Would you copy each line of the records that includes the word "Section"?
***
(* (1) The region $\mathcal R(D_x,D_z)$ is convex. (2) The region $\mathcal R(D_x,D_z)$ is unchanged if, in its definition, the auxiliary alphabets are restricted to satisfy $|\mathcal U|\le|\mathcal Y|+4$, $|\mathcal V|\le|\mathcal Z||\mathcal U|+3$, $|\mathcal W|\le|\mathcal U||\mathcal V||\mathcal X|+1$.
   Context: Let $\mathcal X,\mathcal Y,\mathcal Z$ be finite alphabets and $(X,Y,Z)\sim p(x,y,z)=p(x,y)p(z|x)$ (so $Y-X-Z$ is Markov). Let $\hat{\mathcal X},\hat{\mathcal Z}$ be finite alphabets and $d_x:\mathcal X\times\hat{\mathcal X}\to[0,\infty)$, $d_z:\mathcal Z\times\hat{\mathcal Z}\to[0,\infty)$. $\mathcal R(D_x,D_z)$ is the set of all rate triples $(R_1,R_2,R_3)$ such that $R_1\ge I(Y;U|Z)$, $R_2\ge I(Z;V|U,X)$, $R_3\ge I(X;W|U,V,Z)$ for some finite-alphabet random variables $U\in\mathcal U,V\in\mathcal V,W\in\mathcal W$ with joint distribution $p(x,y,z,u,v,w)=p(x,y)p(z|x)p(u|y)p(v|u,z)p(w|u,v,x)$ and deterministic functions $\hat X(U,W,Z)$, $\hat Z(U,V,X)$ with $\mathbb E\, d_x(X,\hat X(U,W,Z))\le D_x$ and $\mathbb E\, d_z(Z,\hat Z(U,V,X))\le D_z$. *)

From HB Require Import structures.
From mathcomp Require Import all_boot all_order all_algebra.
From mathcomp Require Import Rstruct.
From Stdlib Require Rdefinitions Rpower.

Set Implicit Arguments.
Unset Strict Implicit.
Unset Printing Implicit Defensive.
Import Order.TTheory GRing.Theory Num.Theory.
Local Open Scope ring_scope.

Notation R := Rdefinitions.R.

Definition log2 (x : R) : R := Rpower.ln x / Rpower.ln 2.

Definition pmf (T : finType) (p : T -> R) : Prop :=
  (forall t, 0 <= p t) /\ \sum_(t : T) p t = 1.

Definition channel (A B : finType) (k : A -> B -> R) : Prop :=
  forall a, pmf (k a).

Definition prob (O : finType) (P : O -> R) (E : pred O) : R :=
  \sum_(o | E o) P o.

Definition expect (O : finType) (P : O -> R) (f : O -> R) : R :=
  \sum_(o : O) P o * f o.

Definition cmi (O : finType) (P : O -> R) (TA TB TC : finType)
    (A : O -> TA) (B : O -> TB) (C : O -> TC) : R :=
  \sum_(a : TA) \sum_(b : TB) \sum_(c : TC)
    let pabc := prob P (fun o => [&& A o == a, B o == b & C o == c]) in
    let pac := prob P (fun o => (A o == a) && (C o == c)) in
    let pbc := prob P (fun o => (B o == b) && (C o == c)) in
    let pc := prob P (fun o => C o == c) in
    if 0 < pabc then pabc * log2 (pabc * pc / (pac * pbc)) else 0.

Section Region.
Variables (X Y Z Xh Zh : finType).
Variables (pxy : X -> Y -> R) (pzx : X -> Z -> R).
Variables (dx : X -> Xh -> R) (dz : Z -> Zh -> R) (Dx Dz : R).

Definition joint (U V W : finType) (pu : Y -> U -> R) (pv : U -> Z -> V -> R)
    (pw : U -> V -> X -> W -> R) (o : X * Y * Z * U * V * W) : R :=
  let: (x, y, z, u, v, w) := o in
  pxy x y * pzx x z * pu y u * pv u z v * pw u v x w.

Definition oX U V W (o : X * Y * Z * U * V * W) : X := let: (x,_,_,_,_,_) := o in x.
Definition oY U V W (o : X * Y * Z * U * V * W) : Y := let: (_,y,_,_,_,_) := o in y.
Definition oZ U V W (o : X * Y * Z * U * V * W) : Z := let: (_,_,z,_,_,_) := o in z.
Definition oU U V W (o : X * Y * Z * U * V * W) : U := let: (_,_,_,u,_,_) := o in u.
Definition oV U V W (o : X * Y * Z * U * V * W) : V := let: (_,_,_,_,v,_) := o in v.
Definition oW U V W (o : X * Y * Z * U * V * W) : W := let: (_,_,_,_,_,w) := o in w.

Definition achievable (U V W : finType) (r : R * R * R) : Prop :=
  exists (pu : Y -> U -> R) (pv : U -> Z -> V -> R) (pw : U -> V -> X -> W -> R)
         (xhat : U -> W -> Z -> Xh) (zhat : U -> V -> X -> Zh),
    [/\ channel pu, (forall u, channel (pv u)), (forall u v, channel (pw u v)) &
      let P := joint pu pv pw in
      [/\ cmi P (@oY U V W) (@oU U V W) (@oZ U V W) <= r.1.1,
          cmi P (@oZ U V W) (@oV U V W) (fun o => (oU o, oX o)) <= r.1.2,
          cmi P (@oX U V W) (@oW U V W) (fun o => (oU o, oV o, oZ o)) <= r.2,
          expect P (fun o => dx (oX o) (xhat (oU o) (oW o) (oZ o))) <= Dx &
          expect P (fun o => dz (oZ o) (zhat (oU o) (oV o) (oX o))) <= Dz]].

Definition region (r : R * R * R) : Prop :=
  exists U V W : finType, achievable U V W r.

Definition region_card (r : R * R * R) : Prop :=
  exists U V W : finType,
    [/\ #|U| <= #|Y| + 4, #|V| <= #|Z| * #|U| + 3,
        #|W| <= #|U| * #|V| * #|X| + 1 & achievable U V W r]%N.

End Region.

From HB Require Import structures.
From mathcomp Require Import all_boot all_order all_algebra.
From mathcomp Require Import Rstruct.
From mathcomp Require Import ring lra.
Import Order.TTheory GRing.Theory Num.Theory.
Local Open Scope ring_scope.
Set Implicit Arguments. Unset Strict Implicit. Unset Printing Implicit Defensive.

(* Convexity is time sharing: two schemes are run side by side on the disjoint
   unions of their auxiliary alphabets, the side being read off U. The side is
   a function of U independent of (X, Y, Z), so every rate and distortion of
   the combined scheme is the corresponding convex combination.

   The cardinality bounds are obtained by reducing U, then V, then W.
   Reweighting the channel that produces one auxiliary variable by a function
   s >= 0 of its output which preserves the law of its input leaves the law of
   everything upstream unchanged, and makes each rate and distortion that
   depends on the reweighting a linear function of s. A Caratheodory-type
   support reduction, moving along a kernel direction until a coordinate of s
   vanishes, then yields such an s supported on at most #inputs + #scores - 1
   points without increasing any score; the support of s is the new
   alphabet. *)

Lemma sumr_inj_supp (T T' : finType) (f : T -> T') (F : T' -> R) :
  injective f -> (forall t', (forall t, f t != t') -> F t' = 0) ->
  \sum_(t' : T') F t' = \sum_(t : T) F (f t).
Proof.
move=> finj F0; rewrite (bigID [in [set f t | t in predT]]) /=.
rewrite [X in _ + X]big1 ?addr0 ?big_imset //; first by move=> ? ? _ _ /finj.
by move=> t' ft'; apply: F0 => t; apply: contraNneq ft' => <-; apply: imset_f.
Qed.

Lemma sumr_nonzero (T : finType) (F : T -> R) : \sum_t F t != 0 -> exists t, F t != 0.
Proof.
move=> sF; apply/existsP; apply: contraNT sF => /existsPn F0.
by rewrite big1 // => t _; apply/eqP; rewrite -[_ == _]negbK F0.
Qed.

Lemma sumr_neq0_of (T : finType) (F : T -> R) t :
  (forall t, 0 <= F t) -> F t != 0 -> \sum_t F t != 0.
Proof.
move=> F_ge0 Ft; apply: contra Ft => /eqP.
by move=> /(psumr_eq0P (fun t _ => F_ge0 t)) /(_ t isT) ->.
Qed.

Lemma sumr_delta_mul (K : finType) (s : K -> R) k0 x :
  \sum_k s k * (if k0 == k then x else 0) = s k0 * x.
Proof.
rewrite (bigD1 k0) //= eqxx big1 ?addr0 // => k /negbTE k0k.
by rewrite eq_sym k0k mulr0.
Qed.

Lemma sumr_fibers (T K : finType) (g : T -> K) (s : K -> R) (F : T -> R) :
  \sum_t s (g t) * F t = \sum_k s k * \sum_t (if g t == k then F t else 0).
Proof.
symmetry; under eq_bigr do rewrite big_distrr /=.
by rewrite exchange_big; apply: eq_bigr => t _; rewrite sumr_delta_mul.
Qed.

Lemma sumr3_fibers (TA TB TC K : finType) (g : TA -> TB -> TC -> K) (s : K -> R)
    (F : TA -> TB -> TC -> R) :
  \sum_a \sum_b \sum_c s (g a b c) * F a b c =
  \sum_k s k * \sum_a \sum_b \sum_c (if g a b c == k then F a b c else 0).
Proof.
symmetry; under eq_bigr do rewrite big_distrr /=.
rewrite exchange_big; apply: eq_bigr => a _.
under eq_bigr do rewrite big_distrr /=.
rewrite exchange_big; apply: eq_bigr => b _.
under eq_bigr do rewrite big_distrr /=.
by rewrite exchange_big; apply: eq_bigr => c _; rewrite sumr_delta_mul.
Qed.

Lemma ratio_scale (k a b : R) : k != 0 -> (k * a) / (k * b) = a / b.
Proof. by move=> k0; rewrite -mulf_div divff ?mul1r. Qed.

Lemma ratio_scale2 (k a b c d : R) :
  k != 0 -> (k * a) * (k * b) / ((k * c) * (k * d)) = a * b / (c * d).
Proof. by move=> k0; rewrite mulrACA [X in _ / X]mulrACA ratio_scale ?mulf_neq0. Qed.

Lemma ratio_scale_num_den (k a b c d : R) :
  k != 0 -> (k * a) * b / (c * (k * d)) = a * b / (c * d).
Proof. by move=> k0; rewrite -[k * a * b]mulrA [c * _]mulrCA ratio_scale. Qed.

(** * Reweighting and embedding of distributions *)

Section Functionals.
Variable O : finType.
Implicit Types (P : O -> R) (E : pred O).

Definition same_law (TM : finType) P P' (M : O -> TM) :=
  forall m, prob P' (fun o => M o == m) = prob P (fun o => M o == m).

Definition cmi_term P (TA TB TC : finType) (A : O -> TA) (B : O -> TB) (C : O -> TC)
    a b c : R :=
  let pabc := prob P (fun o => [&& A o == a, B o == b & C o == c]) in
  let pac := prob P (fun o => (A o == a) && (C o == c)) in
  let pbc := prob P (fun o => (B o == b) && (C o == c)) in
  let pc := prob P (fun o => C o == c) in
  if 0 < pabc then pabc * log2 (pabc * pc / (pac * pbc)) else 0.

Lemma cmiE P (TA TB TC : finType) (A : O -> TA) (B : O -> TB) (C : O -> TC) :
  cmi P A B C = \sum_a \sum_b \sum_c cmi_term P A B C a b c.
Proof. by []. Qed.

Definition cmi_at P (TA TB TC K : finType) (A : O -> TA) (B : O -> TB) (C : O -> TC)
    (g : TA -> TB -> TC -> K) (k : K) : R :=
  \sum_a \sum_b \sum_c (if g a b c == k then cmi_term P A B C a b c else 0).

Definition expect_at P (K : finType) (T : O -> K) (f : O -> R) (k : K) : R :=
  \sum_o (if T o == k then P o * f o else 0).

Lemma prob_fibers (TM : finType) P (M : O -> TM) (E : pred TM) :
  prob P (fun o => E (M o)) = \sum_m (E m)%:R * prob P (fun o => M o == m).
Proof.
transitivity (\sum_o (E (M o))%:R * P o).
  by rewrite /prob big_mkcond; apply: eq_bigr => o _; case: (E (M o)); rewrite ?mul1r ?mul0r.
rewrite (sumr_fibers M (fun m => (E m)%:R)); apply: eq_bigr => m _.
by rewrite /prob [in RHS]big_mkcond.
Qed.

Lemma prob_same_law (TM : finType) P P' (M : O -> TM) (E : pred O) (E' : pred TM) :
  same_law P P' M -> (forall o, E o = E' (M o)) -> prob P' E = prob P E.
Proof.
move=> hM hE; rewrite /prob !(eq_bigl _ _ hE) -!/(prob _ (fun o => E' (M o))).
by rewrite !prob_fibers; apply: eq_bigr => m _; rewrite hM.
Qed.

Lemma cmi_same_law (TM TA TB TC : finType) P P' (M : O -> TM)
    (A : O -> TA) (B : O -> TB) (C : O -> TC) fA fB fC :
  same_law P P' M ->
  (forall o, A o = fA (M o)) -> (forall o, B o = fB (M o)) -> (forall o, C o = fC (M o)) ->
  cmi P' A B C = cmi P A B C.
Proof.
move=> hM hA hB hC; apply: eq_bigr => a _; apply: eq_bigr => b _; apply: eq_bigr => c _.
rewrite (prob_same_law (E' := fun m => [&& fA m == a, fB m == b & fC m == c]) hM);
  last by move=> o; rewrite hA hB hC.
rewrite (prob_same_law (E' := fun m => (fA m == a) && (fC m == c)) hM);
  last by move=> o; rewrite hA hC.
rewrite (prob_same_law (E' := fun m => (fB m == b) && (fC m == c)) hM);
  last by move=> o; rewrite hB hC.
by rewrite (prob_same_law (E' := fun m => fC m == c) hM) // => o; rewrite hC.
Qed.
***
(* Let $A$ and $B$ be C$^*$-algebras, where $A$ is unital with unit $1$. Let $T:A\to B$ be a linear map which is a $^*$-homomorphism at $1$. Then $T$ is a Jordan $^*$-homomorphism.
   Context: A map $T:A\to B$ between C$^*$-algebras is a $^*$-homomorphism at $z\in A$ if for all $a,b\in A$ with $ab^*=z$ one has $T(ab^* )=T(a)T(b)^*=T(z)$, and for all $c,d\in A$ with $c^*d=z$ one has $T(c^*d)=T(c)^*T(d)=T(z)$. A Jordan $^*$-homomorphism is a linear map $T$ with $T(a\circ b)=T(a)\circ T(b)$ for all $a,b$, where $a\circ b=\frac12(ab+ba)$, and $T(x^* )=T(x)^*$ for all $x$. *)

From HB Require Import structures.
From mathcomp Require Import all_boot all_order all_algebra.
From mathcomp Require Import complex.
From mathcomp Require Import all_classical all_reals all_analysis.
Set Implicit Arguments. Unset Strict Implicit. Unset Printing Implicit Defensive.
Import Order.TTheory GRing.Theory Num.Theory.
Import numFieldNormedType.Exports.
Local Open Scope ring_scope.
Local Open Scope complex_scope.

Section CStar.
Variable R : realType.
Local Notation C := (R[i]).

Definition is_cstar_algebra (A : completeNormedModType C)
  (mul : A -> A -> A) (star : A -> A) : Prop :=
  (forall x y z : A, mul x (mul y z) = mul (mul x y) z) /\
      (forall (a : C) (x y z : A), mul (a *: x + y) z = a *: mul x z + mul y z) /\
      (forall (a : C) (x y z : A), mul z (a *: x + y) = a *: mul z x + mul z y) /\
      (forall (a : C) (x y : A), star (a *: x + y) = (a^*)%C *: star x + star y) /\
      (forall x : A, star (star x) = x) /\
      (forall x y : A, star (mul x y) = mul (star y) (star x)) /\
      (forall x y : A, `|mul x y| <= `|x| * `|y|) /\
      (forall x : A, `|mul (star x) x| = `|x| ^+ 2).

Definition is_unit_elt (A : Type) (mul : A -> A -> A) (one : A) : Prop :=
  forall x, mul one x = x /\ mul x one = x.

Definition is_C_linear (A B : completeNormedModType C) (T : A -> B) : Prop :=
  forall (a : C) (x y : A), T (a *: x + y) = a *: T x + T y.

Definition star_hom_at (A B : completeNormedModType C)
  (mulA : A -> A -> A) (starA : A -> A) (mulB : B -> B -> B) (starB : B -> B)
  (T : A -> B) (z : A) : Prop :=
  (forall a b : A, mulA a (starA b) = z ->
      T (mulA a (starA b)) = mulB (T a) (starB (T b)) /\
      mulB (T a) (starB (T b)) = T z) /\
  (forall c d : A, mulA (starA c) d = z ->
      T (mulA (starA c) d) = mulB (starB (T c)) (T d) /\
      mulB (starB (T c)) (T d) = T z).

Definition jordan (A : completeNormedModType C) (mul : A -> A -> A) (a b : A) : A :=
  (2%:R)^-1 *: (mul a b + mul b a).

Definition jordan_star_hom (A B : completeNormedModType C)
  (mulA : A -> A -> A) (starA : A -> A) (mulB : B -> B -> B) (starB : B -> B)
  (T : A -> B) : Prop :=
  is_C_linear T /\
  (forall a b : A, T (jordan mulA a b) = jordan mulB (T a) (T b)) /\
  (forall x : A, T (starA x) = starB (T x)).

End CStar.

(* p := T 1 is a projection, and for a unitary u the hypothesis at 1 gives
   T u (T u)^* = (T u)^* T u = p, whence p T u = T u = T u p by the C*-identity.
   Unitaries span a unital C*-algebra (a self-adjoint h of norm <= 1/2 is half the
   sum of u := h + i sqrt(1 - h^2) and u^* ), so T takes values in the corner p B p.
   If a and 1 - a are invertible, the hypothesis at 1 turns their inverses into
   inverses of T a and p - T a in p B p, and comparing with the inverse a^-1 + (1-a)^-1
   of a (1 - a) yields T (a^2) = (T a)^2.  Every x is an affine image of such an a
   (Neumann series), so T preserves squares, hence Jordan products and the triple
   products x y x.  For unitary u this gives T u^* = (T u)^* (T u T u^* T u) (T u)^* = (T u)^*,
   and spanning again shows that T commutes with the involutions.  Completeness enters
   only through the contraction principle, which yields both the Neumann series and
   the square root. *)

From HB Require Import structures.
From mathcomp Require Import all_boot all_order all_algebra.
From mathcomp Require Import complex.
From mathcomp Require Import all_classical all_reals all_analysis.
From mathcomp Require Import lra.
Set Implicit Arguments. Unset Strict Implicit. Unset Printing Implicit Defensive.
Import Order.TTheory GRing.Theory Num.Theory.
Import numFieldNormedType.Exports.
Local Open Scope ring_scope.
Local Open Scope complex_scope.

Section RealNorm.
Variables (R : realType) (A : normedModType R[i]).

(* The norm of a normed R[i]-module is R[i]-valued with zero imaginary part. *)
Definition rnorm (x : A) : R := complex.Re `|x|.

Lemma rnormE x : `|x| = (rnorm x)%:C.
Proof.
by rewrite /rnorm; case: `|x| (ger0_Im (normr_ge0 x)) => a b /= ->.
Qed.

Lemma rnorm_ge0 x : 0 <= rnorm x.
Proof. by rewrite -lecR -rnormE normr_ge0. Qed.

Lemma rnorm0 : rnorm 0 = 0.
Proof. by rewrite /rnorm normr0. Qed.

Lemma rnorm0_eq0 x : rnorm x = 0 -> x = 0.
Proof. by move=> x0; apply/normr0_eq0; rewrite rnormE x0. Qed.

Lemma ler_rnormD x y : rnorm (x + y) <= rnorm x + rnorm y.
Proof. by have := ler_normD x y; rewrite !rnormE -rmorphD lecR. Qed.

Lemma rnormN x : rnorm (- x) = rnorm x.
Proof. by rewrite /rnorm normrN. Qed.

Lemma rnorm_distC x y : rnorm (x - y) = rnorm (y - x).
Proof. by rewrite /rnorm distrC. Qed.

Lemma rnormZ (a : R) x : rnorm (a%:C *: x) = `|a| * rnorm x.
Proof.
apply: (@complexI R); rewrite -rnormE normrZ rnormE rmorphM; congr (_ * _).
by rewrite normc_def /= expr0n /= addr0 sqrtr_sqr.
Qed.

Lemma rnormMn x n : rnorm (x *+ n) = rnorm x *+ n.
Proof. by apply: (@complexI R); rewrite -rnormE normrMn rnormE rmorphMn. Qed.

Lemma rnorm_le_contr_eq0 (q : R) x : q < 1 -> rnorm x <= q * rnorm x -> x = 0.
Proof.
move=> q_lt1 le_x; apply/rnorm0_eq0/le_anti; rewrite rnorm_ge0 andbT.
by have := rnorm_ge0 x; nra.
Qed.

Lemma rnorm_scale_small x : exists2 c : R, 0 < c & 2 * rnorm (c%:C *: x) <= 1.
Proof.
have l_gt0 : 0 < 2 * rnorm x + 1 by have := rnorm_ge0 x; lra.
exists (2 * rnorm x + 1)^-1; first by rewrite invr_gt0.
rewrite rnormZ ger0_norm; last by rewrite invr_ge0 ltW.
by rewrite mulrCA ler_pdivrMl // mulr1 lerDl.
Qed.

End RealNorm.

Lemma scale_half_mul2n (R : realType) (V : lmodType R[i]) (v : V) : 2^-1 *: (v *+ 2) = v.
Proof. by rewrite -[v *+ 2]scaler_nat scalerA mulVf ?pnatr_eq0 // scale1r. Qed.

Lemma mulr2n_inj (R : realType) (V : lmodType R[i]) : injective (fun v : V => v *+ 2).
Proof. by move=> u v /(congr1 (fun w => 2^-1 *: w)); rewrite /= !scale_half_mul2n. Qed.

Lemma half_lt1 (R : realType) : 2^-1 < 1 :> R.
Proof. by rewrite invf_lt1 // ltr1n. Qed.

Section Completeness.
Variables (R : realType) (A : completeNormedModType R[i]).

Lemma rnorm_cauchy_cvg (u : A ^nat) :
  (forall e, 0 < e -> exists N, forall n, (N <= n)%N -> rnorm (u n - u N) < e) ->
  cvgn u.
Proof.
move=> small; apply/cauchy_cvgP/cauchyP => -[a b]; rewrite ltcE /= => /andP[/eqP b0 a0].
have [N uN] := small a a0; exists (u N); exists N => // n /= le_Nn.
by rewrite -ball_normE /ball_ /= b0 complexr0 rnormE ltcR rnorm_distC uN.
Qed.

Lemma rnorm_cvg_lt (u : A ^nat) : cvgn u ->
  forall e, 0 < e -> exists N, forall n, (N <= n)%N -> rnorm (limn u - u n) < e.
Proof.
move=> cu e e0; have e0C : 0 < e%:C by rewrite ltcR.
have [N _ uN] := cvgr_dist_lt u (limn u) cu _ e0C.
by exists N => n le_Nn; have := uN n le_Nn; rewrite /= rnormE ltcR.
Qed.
***
• **Answer space**
Section Region.
Section Functionals.
Section CStar.
Section RealNorm.
Section Completeness.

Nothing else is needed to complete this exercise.